EXERCISE. In the records below, some lines contain the word "andbF". Copy each of them.

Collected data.
(* The Schmidt vectors of a cut (A, B) are orthonormal in C^(2^|A|)
   and in C^(2^|B|), so there are at most 2^min(|A|,|B|) Schmidt coefficients; as
   their squares sum to 1, Gibbs' inequality bounds E_{A,B} by min(|A|,|B|).  It
   remains to exhibit a subcubic tree, with the n qubits as leaves, in which every
   edge has at most ceil(n/3) leaves on one of its sides: hang three caterpillars
   from a common root and deal the qubits out to them in turn.  Cutting an edge
   separates a tail of one caterpillar, which carries at most ceil(n/3) qubits. *)

Lemma remove_edge_sym m (adj : rel 'I_m) u v :
  symmetric adj -> symmetric (remove_edge adj u v).
Proof.
by move=> adj_sym x y; rewrite /remove_edge adj_sym orbC (andbC (x == v)) (andbC (x == u)).
Qed.

Lemma remove_edgeC m (adj : rel 'I_m) u v : remove_edge adj u v =2 remove_edge adj v u.
Proof. by move=> x y; rewrite /remove_edge orbC. Qed.

Section ParentTree.
Variables (m : nat) (par : nat -> nat).
Hypothesis par_lt : forall x, (0 < x)%N -> (par x < x)%N.
Hypothesis par0 : par 0 = 0.

Definition parent_adj : rel 'I_m :=
  fun x y => (x != y :> nat) && ((par x == y) || (par y == x)).

Lemma par_leq x : (par x <= x)%N.
Proof. by case: x => [|x]; rewrite ?par0 // ltnW ?par_lt. Qed.

Definition parent (x : 'I_m) : 'I_m :=
  Ordinal (leq_ltn_trans (par_leq x) (ltn_ord x)).

Lemma parent_adj_sym : symmetric parent_adj.
Proof. by move=> x y; rewrite /parent_adj eq_sym orbC. Qed.

Lemma parent_adj_irr : irreflexive parent_adj.
Proof. by move=> x; rewrite /parent_adj eqxx. Qed.

Lemma parent_adjP x y : parent_adj x y ->
  (par x = y /\ (y < x)%N) \/ (par y = x /\ (x < y)%N).
Proof.
have par_pos z : par z != z -> (par z < z)%N.
  by case: z => [|z]; rewrite ?par0 ?eqxx // => _; apply: par_lt.
case/andP=> x_neq_y /orP[] /eqP par_eq; [left | right]; split => //.
  by rewrite -par_eq par_pos // par_eq eq_sym.
by rewrite -par_eq par_pos // par_eq.
Qed.

Lemma parent_adj_parent (x : 'I_m) : (0 < x)%N -> parent_adj x (parent x).
Proof. by move=> x_gt0; rewrite /parent_adj /= eqxx neq_ltn par_lt ?orbT. Qed.

Lemma connect_root (o x : 'I_m) : o = 0 :> nat -> connect parent_adj x o.
Proof.
move=> o0; have [k] := ubnP (val x); elim: k x => [// | k IH] x x_lt.
have [x0 | x_gt0] := posnP x.
  by have -> : x = o by apply/val_inj; rewrite /= o0 x0.
apply: connect_trans (connect1 (parent_adj_parent x_gt0)) (IH _ _).
exact: leq_trans (par_lt x_gt0) _.
Qed.

(* The vertex of largest index on a cycle has both cycle neighbours as parent. *)
Lemma parent_adj_acyclic (c : seq 'I_m) :
  uniq c -> (2 < size c)%N -> ~~ cycle parent_adj c.
Proof.
case: c => [//|x0 c0] c_uniq c_size; apply/negP => c_cycle.
set c := x0 :: c0 in c_uniq c_size c_cycle *.
have [M M_in M_max] := @arg_maxnP _ x0 (mem c) val (mem_head _ _).
have [i q rot_c] := rot_to M_in.
have q_uniq : uniq (M :: q) by rewrite -rot_c rot_uniq.
have q_size : (2 < size (M :: q))%N by rewrite -rot_c size_rot.
have q_cycle : cycle parent_adj (M :: q) by rewrite -rot_c rot_cycle.
have q_max y : y \in q -> (y <= M)%N.
  move=> y_in; apply: M_max.
  by rewrite /= -(mem_rot i) rot_c inE y_in orbT.
clear rot_c; case: q => [|y q] // in q_uniq q_size q_cycle q_max.
case/lastP: q => [|q z] // in q_uniq q_size q_cycle q_max.
move: q_cycle; rewrite /cycle rcons_path last_cons last_rcons /= rcons_path.
case/andP=> /and3P[adj_My _ _] adj_zM.
have par_M x : parent_adj M x -> x \in y :: rcons q z -> par M = x.
  move=> adj_Mx /q_max x_le; case: (parent_adjP adj_Mx) => [[] // | [_ M_lt]].
  by move: (leq_ltn_trans x_le M_lt); rewrite ltnn.
have z_in : z \in y :: rcons q z by rewrite inE mem_rcons mem_head orbT.
have y_eq_z : y = z.
  apply/val_inj; rewrite /= -(par_M y adj_My (mem_head _ _)) (par_M z _ z_in) //.
  by rewrite parent_adj_sym.
by move: q_uniq; rewrite y_eq_z /= mem_rcons mem_head andbF.
Qed.

Lemma parent_tree : (0 < m)%N -> is_tree parent_adj.
Proof.
move=> m_gt0; split=> //; first by split; [exact: parent_adj_irr | exact: parent_adj_sym].
  move=> x y; apply: connect_trans (connect_root (o := Ordinal m_gt0) x erefl) _.
  by rewrite (sym_connect_sym parent_adj_sym) connect_root.
exact: parent_adj_acyclic.
Qed.

(* D is closed under taking parents except at c, hence contains the component of c
   once the edge {c, parent c} is cut, and misses that of parent c. *)
Section SubtreeSide.
Variables (D : pred nat) (c : 'I_m).
Hypotheses (c_gt0 : (0 < c)%N) (D_c : D c) (D_par_c : ~~ D (par c)).
Hypothesis D_par : forall y : 'I_m, (0 < y)%N -> y != c :> nat -> D y = D (par y).

Local Notation cut := (remove_edge parent_adj c (parent c)).

Lemma cut_closed : closed cut [pred x : 'I_m | D x].
Proof.
move=> x y cut_xy; rewrite !inE /=.
wlog [par_x y_lt] : x y cut_xy / par x = y /\ (y < x)%N.
  move=> wlog_xy; case/andP: (cut_xy) => /parent_adjP[] par_eq _.
    exact: wlog_xy cut_xy par_eq.
  by rewrite (wlog_xy y x _ par_eq) // remove_edge_sym //; exact: parent_adj_sym.
have x_neq_c : x != c :> nat.
  apply/eqP => x_c; have x_eq : x = c by apply/val_inj.
  have y_eq : y = parent c by apply/val_inj; rewrite /= -par_x x_c.
  by move: cut_xy; rewrite x_eq y_eq /remove_edge !eqxx andbF.
by rewrite D_par ?par_x // (leq_ltn_trans _ y_lt).
Qed.

Lemma cut_connect_root (o x : 'I_m) : o = 0 :> nat -> ~~ D x -> connect cut x o.
Proof.
move=> o0; have [k] := ubnP (val x); elim: k x => [// | k IH] x x_lt ND_x.
have [x0 | x_gt0] := posnP x.
  have -> : x = o by apply/val_inj; rewrite /= o0 x0.
  exact: connect0.
have x_neq_c : x != c by apply: contraNneq ND_x => ->.
have cut_x : cut x (parent x).
  rewrite /remove_edge parent_adj_parent //= (negPf x_neq_c) /=.
  apply/andP=> -[/eqP/(congr1 val) /= x_val /eqP/(congr1 val) /= par_x_val].
  by move: (par_lt x_gt0) (par_lt c_gt0); lia.
apply: connect_trans (connect1 cut_x) (IH _ _ _) => /=.
  exact: leq_trans (par_lt x_gt0) _.
by rewrite -D_par.
Qed.

Variables (T : finType) (lab : T -> 'I_m).

Lemma edge_side_child_sub :
  edge_side parent_adj lab c (parent c) \subset [set v | D (lab v)].
Proof.
apply/fintype.subsetP => v; rewrite !inE => /(closed_connect cut_closed).
by rewrite !inE D_c.
Qed.

Lemma edge_side_parent_compl_sub :
  ~: edge_side parent_adj lab (parent c) c \subset [set v | D (lab v)].
Proof.
have m_gt0 : (0 < m)%N := leq_ltn_trans (leq0n _) (ltn_ord c).
pose o := Ordinal m_gt0.
apply/fintype.subsetP => v; rewrite !inE; apply: contraR => ND_v.
rewrite (eq_connect (remove_edgeC _ _ _)).
have cut_sym : connect_sym cut.
  by apply: sym_connect_sym; apply: remove_edge_sym; exact: parent_adj_sym.
apply: (connect_trans (y := o)); first exact: cut_connect_root.
by rewrite cut_sym cut_connect_root.
Qed.

End SubtreeSide.

End ParentTree.

(* Vertex 0 is the root; the odd vertices form the three chains 1, 7, 13, ...,
   3, 9, 15, ... and 5, 11, 17, ... below it (truncated subtraction sends 1, 3, 5
   to 0); the even vertex 2r + 2 is a leaf below 2r + 1 carrying the r-th qubit. *)
Definition spine_par (x : nat) : nat := if odd x then x - 6 else x.-1.

Lemma spine_par_lt x : (0 < x)%N -> (spine_par x < x)%N.
Proof. by rewrite /spine_par; case: ifP; lia. Qed.

Lemma spine_par0 : spine_par 0 = 0. Proof. by []. Qed.

(* The vertices below c: a single leaf, or a tail c, c + 6, ... of a chain together
   with its leaves c + 1, c + 7, .... *)
Definition spine_subtree (c y : nat) : bool :=
  if odd c then (c <= y) && ((y - c) %% 6 < 2) else y == c.

Lemma spine_subtree_par c y : (0 < c)%N -> (0 < y)%N -> y != c ->
  spine_subtree c y = spine_subtree c (spine_par y).
Proof. by rewrite /spine_subtree /spine_par; repeat case: ifP; lia. Qed.

Lemma spine_subtree_self c : spine_subtree c c.
Proof. by rewrite /spine_subtree; case: ifP; lia. Qed.

Lemma spine_subtree_par_self c : (0 < c)%N -> ~~ spine_subtree c (spine_par c).
Proof. by rewrite /spine_subtree /spine_par; repeat case: ifP; lia. Qed.

Lemma spine_subtree_leaf_inj c r r' :
  spine_subtree c (2 * r + 2) -> spine_subtree c (2 * r' + 2) -> r %/ 3 = r' %/ 3 -> r = r'.
Proof. by rewrite /spine_subtree; case: ifP; lia. Qed.

Lemma card_leq_seq m (A : {set 'I_m}) (s : seq nat) :
  {subset [seq val x | x in A] <= s} -> (#|A| <= size s)%N.
Proof.
move=> sub_s; rewrite cardE -(size_map val) uniq_leq_size //.
by rewrite map_inj_uniq ?enum_uniq //; exact: val_inj.
Qed.

Section Spine.
Variable n : nat.
Local Notation m := (2 * n).+1.
Local Notation adj := (@parent_adj m spine_par).

Definition spine_nbrs (x : nat) : seq nat :=
  if x == 0 then [:: 1; 3; 5] else if odd x then [:: spine_par x; x.+1; x + 6]
  else [:: spine_par x].

Lemma spine_nbrsP (x y : 'I_m) : adj x y -> nat_of_ord y \in spine_nbrs x.
Proof.
rewrite /parent_adj /spine_nbrs /spine_par.
by repeat case: ifP; rewrite !inE; lia.
Qed.

Lemma spine_degree_leq (x : 'I_m) : (degree adj x <= size (spine_nbrs x))%N.
Proof.
apply: card_leq_seq => _ /mapP[y y_in ->]; apply: spine_nbrsP.
by move: y_in; rewrite mem_enum inE.
Qed.

Lemma spine_degree_le3 (x : 'I_m) : (degree adj x <= 3)%N.
Proof.
apply: leq_trans (spine_degree_leq x) _.
by rewrite /spine_nbrs; repeat case: ifP.
Qed.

WRITTEN SOLUTION.
by move: q_uniq; rewrite y_eq_z /= mem_rcons mem_head andbF.
  by move: cut_xy; rewrite x_eq y_eq /remove_edge !eqxx andbF.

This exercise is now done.